Thomas – glad to hear your wife is OK! That’s not a good scare to go through.
Why am I not surprised jmb, Thomas & I are mostly in agreement?
I agree with those who say an opinion by definition cannot be wrong. It is simply an opinion. On the other hand, while everyone is entitled to their own opinion, they are not entitled to their own facts. It is facts, not opinions, that cause people difficulty.
#28, we’ve moved to talking about whether a person has a “right” to a wrong opinion, from the original discussion of whether it’s possible for an opinion to be “wrong.”
And of course you can have a legal right, or entitlement, to do all kinds of things that are morally wrong. And I believe that drawing an unjustified opinion from certain facts, when your opinion is shaped by a culpable failure to properly cultivate your judgment and filter it for bias, is wrong. That said, we’re all so inherently capable of misjudgment, that it’s a very high bar to clear for an erroneous opinion to become actually “wrong.” And like most things where a person’s inner thinking and history are at issue, none of us is really qualified to judge.
Which is why nobody has any business setting fire to heretics, excommunicating the unorthdox (as opposed from removing them from teaching positions, if an organization needs to make it clear it does not accept the alternative view; this is how the Catholics dealt with Hans Kung, who was a heckuva lot further afield than any of the September 6), restraining free expression, or otherwise countering an opinion with anything other than a reasoned refutation. ‘Cept maybe in cases of things like Holocaust denial, where in addition to the sheer obvious pigheaded ignorance of the position, there’s a reasonable basis to presume that the denial is motivated by pre-existing hatred.
Author
JMB,
“What I don’t understand is why we can’t all just admit that our objectivity is subjective, it’s just that every “opinion” will carry a certain level, or lack of, general consensus, which varies in space and time (and which, as per Thomas, may have severe moral implications). Perhaps our language is not adequate for expressing what we really mean, and hence most of our confusion comes from problems in interpretation.”
I agree with this completely and this is another view of what my post was about. I find in person conversation much easier to deal with because you can see body language, emotion and other things which gage the conversation. And in the end, while two can agree to disagree, here is much common ground to agree on.
In this type of forum, the discussion is inadequate to do that.
Author
MAC,
“On the other hand, while everyone is entitled to their own opinion, they are not entitled to their own facts.”
A fact, is, by nature a truth. it is in the interpretation of that fact where the trouble lies.
For instance, we can look at a fact about the current state of this country and it is almost a sure bet that Thomas and I will disagree about what that fact really means. 🙂
Two people can look at the same fact and see different things from it. It then becomes opinion.

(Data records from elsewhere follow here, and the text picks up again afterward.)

(* Let $X$ be the Cantor set, $\alpha$ a minimal homeomorphism of $X$, and $\phi:X\to\operatorname{Isom}(\mathbb{T})$ continuous such that $\alpha\times\phi$ is minimal and not orientation preserving. For any $x_0\in X$, $m\in\mathbb{Z}$ and nonempty clopen $O\subset X$, there exists a clopen set $U\subset O$ such that $1_U$ is equivalent to $mh_\phi$ in $K_1(A_{x_0})$. Moreover, there exists $\sigma\in[[\alpha]]$ such that $\sigma(x)=x$ for all $x\notin U$ and $\sigma_\phi^*(1_U)=-1_U$.
   Context: $\alpha\times\phi:(x,t)\mapsto(\alpha(x),\phi_x(t))$; $o(\phi)(x)=0$ if $\phi_x$ preserves orientation, $1$ otherwise; orientation preserving means $o(\phi)\in\{f-f\circ\alpha^{-1}:f\in C(X,\mathbb{Z}_2)\}$. $\alpha_\phi^*$ is the automorphism of $C(X,\mathbb{Z})$ given by $\alpha_\phi^*(f)(x)=(-1)^{o(\phi)(\alpha^{-1}(x))}f(\alpha^{-1}(x))$. $K_1(A_{x_0})$ is identified with $C(X,\mathbb{Z})/\{f-\alpha_\phi^*(f):f\in C(X,\mathbb{Z}),f(x_0)=0\}$ (where $A_{x_0}$ is the subalgebra of the crossed product generated by $C(X\times\mathbb{T})$ and $uC_0((X\setminus\{x_0\})\times\mathbb{T})$), and ''equivalent in $K_1(A_{x_0})$'' means equal images in this quotient. $h_\phi(x)=1$ if $o(\phi)(\alpha^{-1}(x))=1$, $0$ otherwise. $[[\alpha]]$ (topological full group) is the set of homeomorphisms $\sigma$ of $X$ for which there is a continuous $n:X\to\mathbb{Z}$ with $\sigma(x)=\alpha^{n(x)}(x)$; for such $\sigma$, $\sigma_\phi^*(f)=\sum_{k\in\mathbb{Z}}(\alpha_\phi^* )^k(f1_{n^{-1}(k)})$ for $f\in C(X,\mathbb{Z})$. *)

From HB Require Import structures.
From mathcomp Require Import all_boot all_order all_algebra.
From mathcomp Require Import all_classical all_reals all_analysis.
Set Implicit Arguments. Unset Strict Implicit. Unset Printing Implicit Defensive.
Import Order.TTheory GRing.Theory Num.Theory.
Import numFieldNormedType.Exports.
Local Open Scope classical_set_scope.
Local Open Scope ring_scope.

Opinion is one thing, facts are another. A rather poignant example of this are the contrasting views of ancient Hebrew Priestcraft and the divine precepts and practice of the healing Christ as manifested by Jesus. In my opinion, conventional churchianity and mormonism are joined at the hip in contrast to the one Christ consciousness which lifts human lives from the grave both literally and figuratively. Is my view merely an opinion or an accurate observation of truth in this regard? In my opinion, it is the latter, for I have seen the healing of the sick and the raising of the dead and it was wholly non-mormon and glorious. Everyone see “The Book of Mormon” play. In my opinion, it offers the best theatrics in a long, long time!